→ **DATA SECTION**
-=-=-=-=-

(* Let $G=G_1\,\Box\,\cdots\,\Box\,G_D$ be a cartesian product of cycle digraphs $C_{n}$ ($n\ge3$) and simple directed paths $P_n$ ($n\ge2$). Let $c_{\mathrm{even}}$ be the number of factors that are cycle digraphs with an even number of vertices. Then $$\frac{\dim\ker\mathcal D(G)}{r}=\begin{cases}2^{c_{\mathrm{even}}}&\text{if no factor is a simple directed path with an even number of vertices},\\ 0&\text{otherwise.}\end{cases}$$ In particular, if no factor is a path with an even number of vertices, then $\dim\ker\mathcal D(G)\ge r$.
   Context: The cycle digraph $C_n$ has vertex set $\{1,\dots,n\}$ and edges $i\to i+1$ for $1\le i\le n-1$ together with $n\to1$. The simple directed path $P_n$ has vertex set $\{1,\dots,n\}$ and edges $i\to i+1$ for $1\le i\le n-1$. For a directed graph without multiple edges, the anti-symmetrized adjacency matrix $A_{\mathrm{as}}$ is the $|V|\times|V|$ matrix with: - $(A_{\mathrm{as}})_{ij}=1$ if an edge leaves $i$ and enters $j$; - $(A_{\mathrm{as}})_{ij}=-1$ if an edge leaves $j$ and enters $i$; - $(A_{\mathrm{as}})_{ij}=0$ otherwise. Let $\gamma_1,\dots,\gamma_D$ be complex $r\times r$ matrices satisfying $\gamma_\mu\gamma_\nu+\gamma_\nu\gamma_\mu=2\delta_{\mu\nu}\mathbf 1_r$. For $G_\mu$ with $n_\mu$ vertices, define $$\mathcal D(G)=\sum_{\mu=1}^D\Big(\mathbf 1_{n_D}\otimes\cdots\otimes\mathbf 1_{n_{\mu+1}}\otimes A_{\mathrm{as}}(G_\mu)\otimes\mathbf 1_{n_{\mu-1}}\otimes\cdots\otimes\mathbf 1_{n_1}\Big)\otimes\gamma_\mu,$$ where $\otimes$ is the Kronecker product and $\mathbf 1_k$ is the $k\times k$ identity. *)

From HB Require Import structures.
From mathcomp Require Import all_boot all_order all_algebra.
From mathcomp Require Import complex mxtens.
From mathcomp Require Import reals.

Set Implicit Arguments.
Unset Strict Implicit.
Unset Printing Implicit Defensive.

Import Order.TTheory GRing.Theory Num.Theory.
Local Open Scope ring_scope.

(* A factor of the cartesian product: a cycle digraph C_n or a simple
   directed path P_n.  Vertices {1,..,n} are encoded as 'I_n = {0,..,n-1}
   (vertex k+1 of the paper is the ordinal k). *)
Inductive factor := Cyc of nat | Pth of nat.

Definition nverts (f : factor) : nat :=
  match f with Cyc n => n | Pth n => n end.

Definition fedge (f : factor) (i j : 'I_(nverts f)) : bool :=
  match f with
  | Cyc n => (j == (i.+1 %% n)%N :> nat)
  | Pth n => (j == i.+1 :> nat)
  end.

Definition Aas (C : nzRingType) (n : nat) (e : rel 'I_n) : 'M[C]_n :=
  \matrix_(i, j) (if e i j then 1 else if e j i then -1 else 0).

Fixpoint kron_size (D : nat) (n : 'I_D -> nat) (l : seq 'I_D) : nat :=
  match l with [::] => 1%N | nu :: l' => (n nu * kron_size n l')%N end.

Fixpoint kron (C : nzRingType) (D : nat) (n : 'I_D -> nat)
    (M : forall nu : 'I_D, 'M[C]_(n nu)) (l : seq 'I_D) : 'M[C]_(kron_size n l) :=
  match l return 'M[C]_(kron_size n l) with
  | [::] => 1%:M
  | nu :: l' => M nu *t kron M l'
  end.

(* The Kronecker
   factors are ordered  1_{n_D} (x) ... (x) A_as(G_mu) (x) ... (x) 1_{n_1}. *)
Definition Dop (C : nzRingType) (D r : nat) (G : 'I_D -> factor)
    (gam : 'I_D -> 'M[C]_r) :
    'M[C]_(kron_size (fun nu => nverts (G nu)) (rev (enum 'I_D)) * r) :=
  \sum_(mu < D)
    (kron (fun nu : 'I_D =>
             if nu == mu then @Aas C _ (@fedge (G nu)) else (1%:M : 'M[C]_(nverts (G nu))))
          (rev (enum 'I_D))) *t gam mu.

(* dimension of the kernel {v | A v = 0} of a matrix acting on column vectors *)
Definition dimker (F : fieldType) (m n : nat) (A : 'M[F]_(m, n)) : nat :=
  \rank (kermx A^T).

Definition valid_factor (f : factor) : bool :=
  match f with Cyc n => (3 <= n)%N | Pth n => (2 <= n)%N end.

Definition is_even_cycle (f : factor) : bool :=
  match f with Cyc n => ~~ odd n | Pth _ => false end.

Definition is_even_path (f : factor) : bool :=
  match f with Pth n => ~~ odd n | Cyc _ => false end.

Definition clifford (C : nzRingType) (D r : nat) (gam : 'I_D -> 'M[C]_r) : Prop :=
  forall mu nu : 'I_D,
    gam mu *m gam nu + gam nu *m gam mu = (if mu == nu then 2 else 0)%:M.

(* Transposed, D(G) becomes  X = sum_mu A_mu (x) h_mu  with
   A_mu = 1 (x) ... (x) A_as(G_mu) (x) ... (x) 1  and  h_mu = - gamma_mu^T.
   The A_mu pairwise commute and are real and antisymmetric, hence
   skew-Hermitian, and the h_mu again satisfy the Clifford relations, so
   X^2 = sum_mu A_mu^2 (x) 1 with every -A_mu^2 positive semidefinite.  The
   kernel of X is therefore the common kernel of the A_mu (x) 1, namely
   (ker A_as(G_1) (x) ... (x) ker A_as(G_D)) (x) C^r.  A kernel vector u of
   A_as(G_mu) satisfies u_(j-1) = u_(j+1), so it is constant on each parity
   class; the wrap-around of C_n identifies the two classes when n is odd,
   while for P_n the end conditions kill the odd class, and also the even one
   when n is even.  So the kernel of A_as(C_n) has dimension 1 or 2 and that
   of A_as(P_n) dimension 1 or 0 according as n is odd or even. *)

From HB Require Import structures.
From mathcomp Require Import all_boot all_order all_algebra.
From mathcomp Require Import complex mxtens.
From mathcomp Require Import reals.
From mathcomp Require Import zify.

Set Implicit Arguments.
Unset Strict Implicit.
Unset Printing Implicit Defensive.

Import Order.TTheory GRing.Theory Num.Theory.
Local Open Scope ring_scope.

Section TensorProduct.
Variable R : comPzRingType.

Lemma tensmx11 m n : (1%:M : 'M[R]_m) *t (1%:M : 'M[R]_n) = 1%:M.
Proof.
apply/matrixP=> i j; case: (mxtens_indexP i)=> i0 i1; case: (mxtens_indexP j)=> j0 j1.
rewrite tensmxE !mxE (can_eq (@mxtens_indexK _ _)) xpair_eqE.
by case: (i0 == j0); case: (i1 == j1); rewrite /= ?mulr1 ?mulr0.
Qed.

Lemma tensmxDl m n p q (A B : 'M[R]_(m, n)) (M : 'M[R]_(p, q)) :
  (A + B) *t M = A *t M + B *t M.
Proof. by apply/matrixP=> i j; rewrite !mxE mulrDl. Qed.

Lemma tensmxDr m n p q (A B : 'M[R]_(m, n)) (M : 'M[R]_(p, q)) :
  M *t (A + B) = M *t A + M *t B.
Proof. by apply/matrixP=> i j; rewrite !mxE mulrDr. Qed.

Lemma tensmxNl m n p q (A : 'M[R]_(m, n)) (M : 'M[R]_(p, q)) :
  (- A) *t M = - (A *t M).
Proof. by apply/matrixP=> i j; rewrite !mxE mulNr. Qed.

Lemma tensmxNr m n p q (A : 'M[R]_(m, n)) (M : 'M[R]_(p, q)) :
  M *t (- A) = - (M *t A).
Proof. by apply/matrixP=> i j; rewrite !mxE mulrN. Qed.

End TensorProduct.

(* Tensoring the full-rank factorizations [A = col_base A *m row_base A] gives both bounds. *)
Lemma mxrank_tens (F : fieldType) m n p q (A : 'M[F]_(m, n)) (B : 'M[F]_(p, q)) :
  \rank (A *t B) = (\rank A * \rank B)%N.
Proof.
apply/eqP; rewrite eqn_leq; apply/andP; split.
  rewrite -[A in A *t B](mulmx_base A) -[B in _ *t B](mulmx_base B) -tensmx_mul.
  exact: leq_trans (mxrankM_maxl _ _) (rank_leq_col _).
have /row_fullP[LA HLA] := col_base_full A.
have /row_fullP[LB HLB] := col_base_full B.
have /row_freeP[RA HRA] := row_base_free A.
have /row_freeP[RB HRB] := row_base_free B.
have E : (LA *t LB) *m ((col_base A *m row_base A) *t (col_base B *m row_base B))
    *m (RA *t RB) = 1%:M.
  rewrite !tensmx_mul [LA *m (_ *m _)]mulmxA [LB *m (_ *m _)]mulmxA HLA HLB !mul1mx.
  by rewrite HRA HRB tensmx11.
rewrite !mulmx_base in E; rewrite -(mxrank1 F (\rank A * \rank B)) -E.
exact: leq_trans (mxrankM_maxl _ _) (mxrankM_maxr _ _).
Qed.

Section Kronecker.
Variables (R : comNzRingType) (D : nat) (n : 'I_D -> nat).
Implicit Types (M : forall nu, 'M[R]_(n nu)) (l : seq 'I_D).

Lemma eq_kron M M' l :
  (forall nu, nu \in l -> M nu = M' nu) -> kron M l = kron M' l.
Proof.
elim: l => [|nu l IH] //= eqMM'; rewrite eqMM' ?mem_head // IH // => mu mu_l.
by rewrite eqMM' // in_cons mu_l orbT.
Qed.

Lemma kron_mul M M' l : kron M l *m kron M' l = kron (fun nu => M nu *m M' nu) l.
Proof. by elim: l => [|nu l IH] /=; rewrite ?mul1mx // tensmx_mul IH. Qed.

Lemma kron1 l : kron (fun nu => 1%:M : 'M[R]_(n nu)) l = 1%:M.
Proof. by elim: l => [|nu l IH] //=; rewrite IH tensmx11. Qed.

Lemma kron_eq0 M l mu : mu \in l -> M mu = 0 -> kron M l = 0.
Proof.
elim: l => [|nu l IH] //=; rewrite in_cons => /orP[/eqP <- -> | mu_l M0].
  by rewrite tens0mx.
by rewrite IH // tensmx0.
Qed.

Lemma trmx_kron M l : (kron M l)^T = kron (fun nu => (M nu)^T) l.
Proof. by elim: l => [|nu l IH] /=; rewrite ?tr_scalar_mx // trmx_tens IH. Qed.

Lemma map_kron (f : {rmorphism R -> R}) M l :
  map_mx f (kron M l) = kron (fun nu => map_mx f (M nu)) l.
Proof. by elim: l => [|nu l IH] /=; rewrite ?map_scalar_mx ?rmorph1 // map_mxT IH. Qed.

(* [kron (slot mu M) l] is  1 (x) ... (x) M mu (x) ... (x) 1. *)
Definition slot mu M : forall nu, 'M[R]_(n nu) :=
  fun nu => if nu == mu then M nu else 1%:M.

Lemma kron_slot_notin M l mu : mu \notin l -> kron (slot mu M) l = 1%:M.
Proof.
move=> mu_l; rewrite -(kron1 l); apply: eq_kron => nu nu_l.
by rewrite /slot; case: eqP => // nu_mu; rewrite -nu_mu nu_l in mu_l.
Qed.

Lemma kron_slotD M M' l mu : uniq l -> mu \in l ->
  kron (slot mu (fun nu => M nu + M' nu)) l = kron (slot mu M) l + kron (slot mu M') l.
Proof.
elim: l => [|nu l IH] //= /andP[nu_l uniq_l]; rewrite in_cons /slot.
case: (eqVneq nu mu) => [<- _ | nu_mu /= mu_l].
  by rewrite -!/(slot nu _) !kron_slot_notin // tensmxDl.
by rewrite -!/(slot mu _) IH // tensmxDr.
Qed.

Lemma kron_slotN M l mu : uniq l -> mu \in l ->
  kron (slot mu (fun nu => - M nu)) l = - kron (slot mu M) l.
Proof.
elim: l => [|nu l IH] //= /andP[nu_l uniq_l]; rewrite in_cons /slot.
case: (eqVneq nu mu) => [<- _ | nu_mu /= mu_l].
  by rewrite -!/(slot nu _) !kron_slot_notin // tensmxNl.
by rewrite -!/(slot mu _) IH // tensmxNr.
Qed.

Lemma trmx_kron_slot M l mu :
  (kron (slot mu M) l)^T = kron (slot mu (fun nu => (M nu)^T)) l.
Proof.
rewrite trmx_kron; apply: eq_kron => nu _.
by rewrite /slot; case: eqP; rewrite ?tr_scalar_mx.
Qed.

Lemma map_kron_slot (f : {rmorphism R -> R}) M l mu :
  map_mx f (kron (slot mu M) l) = kron (slot mu (fun nu => map_mx f (M nu))) l.
Proof.
rewrite map_kron; apply: eq_kron => nu _.
by rewrite /slot; case: eqP; rewrite ?map_scalar_mx ?rmorph1.
Qed.

Lemma kron_slot_comm M l mu nu :
  kron (slot mu M) l *m kron (slot nu M) l = kron (slot nu M) l *m kron (slot mu M) l.
Proof.
rewrite !kron_mul; apply: eq_kron => k _; rewrite /slot.
by case: (k == mu); case: (k == nu); rewrite ?mul1mx ?mulmx1.
Qed.

Lemma kron_cons_slot M l mu s : mu \notin s ->
  kron (fun nu => if nu \in mu :: s then M nu else 1%:M) l
  = kron (slot mu M) l *m kron (fun nu => if nu \in s then M nu else 1%:M) l.
Proof.
move=> mu_s; rewrite kron_mul; apply: eq_kron => nu _; rewrite /slot in_cons.
by case: (eqVneq nu mu) => [->|_] /=; rewrite ?(negbTE mu_s) ?mulmx1 ?mul1mx.
Qed.

End Kronecker.

Lemma mxrank_kron (F : fieldType) D (n : 'I_D -> nat) (M : forall nu, 'M[F]_(n nu)) l :
  \rank (kron M l) = (\prod_(nu <- l) \rank (M nu))%N.
Proof.
elim: l => [|nu l IH] /=; first by rewrite big_nil mxrank1.
by rewrite mxrank_tens IH big_cons.
Qed.

Section SkewHermitian.
Variable C : numClosedFieldType.
Local Open Scope sesquilinear_scope.

(* Each [- u *m B i *m B i *m u^t*] is the squared norm of [u *m B i]. *)
Lemma ker_sum_sqr_skew (I : finType) m n (B : I -> 'M[C]_n) (K : 'M[C]_(m, n)) :
  (forall i, (B i)^t* = - B i) ->
  K *m (\sum_i B i *m B i) = 0 -> forall i, K *m B i = 0.
Proof.
move=> skewB KB0 i0; apply/row_matrixP => j; rewrite row_mul row0.
set u := row j K; have uB0 : u *m (\sum_i B i *m B i) = 0 by rewrite -row_mul KB0 row0.
have normE i : dotmx (u *m B i) (u *m B i) = - (u *m (B i *m B i) *m u^t*) 0 0.
  by rewrite dotmxE trmx_mul map_mxM skewB mulNmx mulmxN mxE !mulmxA.
have sum0 : \sum_i dotmx (u *m B i) (u *m B i) = 0.
  rewrite (eq_bigr _ (fun i _ => normE i)) sumrN -summxE -mulmx_suml -mulmx_sumr uB0.
  by rewrite !mul0mx mxE oppr0.
have norm0 := psumr_eq0P (fun i _ => dnorm_ge0 (@dotmx C n) (u *m B i)) sum0.
by apply/eqP; rewrite -(dnorm_eq0 (@dotmx C n)) norm0.
Qed.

-=-=-=-=-

→ **ABOUT THIS TASK**
Please write out, exactly as they appear above, only the lines in the stretch from the line with "kernel of X" through the line with "(A + B) *t M = A *t M + B *t M.".

→ **RESPONSE**
   kernel of X is therefore the common kernel of the A_mu (x) 1, namely
   (ker A_as(G_1) (x) ... (x) ker A_as(G_D)) (x) C^r.  A kernel vector u of
   A_as(G_mu) satisfies u_(j-1) = u_(j+1), so it is constant on each parity
   class; the wrap-around of C_n identifies the two classes when n is odd,
   while for P_n the end conditions kill the odd class, and also the even one
   when n is even.  So the kernel of A_as(C_n) has dimension 1 or 2 and that
   of A_as(P_n) dimension 1 or 0 according as n is odd or even. *)

From HB Require Import structures.
From mathcomp Require Import all_boot all_order all_algebra.
From mathcomp Require Import complex mxtens.
From mathcomp Require Import reals.
From mathcomp Require Import zify.

Set Implicit Arguments.
Unset Strict Implicit.
Unset Printing Implicit Defensive.

Import Order.TTheory GRing.Theory Num.Theory.
Local Open Scope ring_scope.

Section TensorProduct.
Variable R : comPzRingType.

Lemma tensmx11 m n : (1%:M : 'M[R]_m) *t (1%:M : 'M[R]_n) = 1%:M.
Proof.
apply/matrixP=> i j; case: (mxtens_indexP i)=> i0 i1; case: (mxtens_indexP j)=> j0 j1.
rewrite tensmxE !mxE (can_eq (@mxtens_indexK _ _)) xpair_eqE.
by case: (i0 == j0); case: (i1 == j1); rewrite /= ?mulr1 ?mulr0.
Qed.

Lemma tensmxDl m n p q (A B : 'M[R]_(m, n)) (M : 'M[R]_(p, q)) :
  (A + B) *t M = A *t M + B *t M.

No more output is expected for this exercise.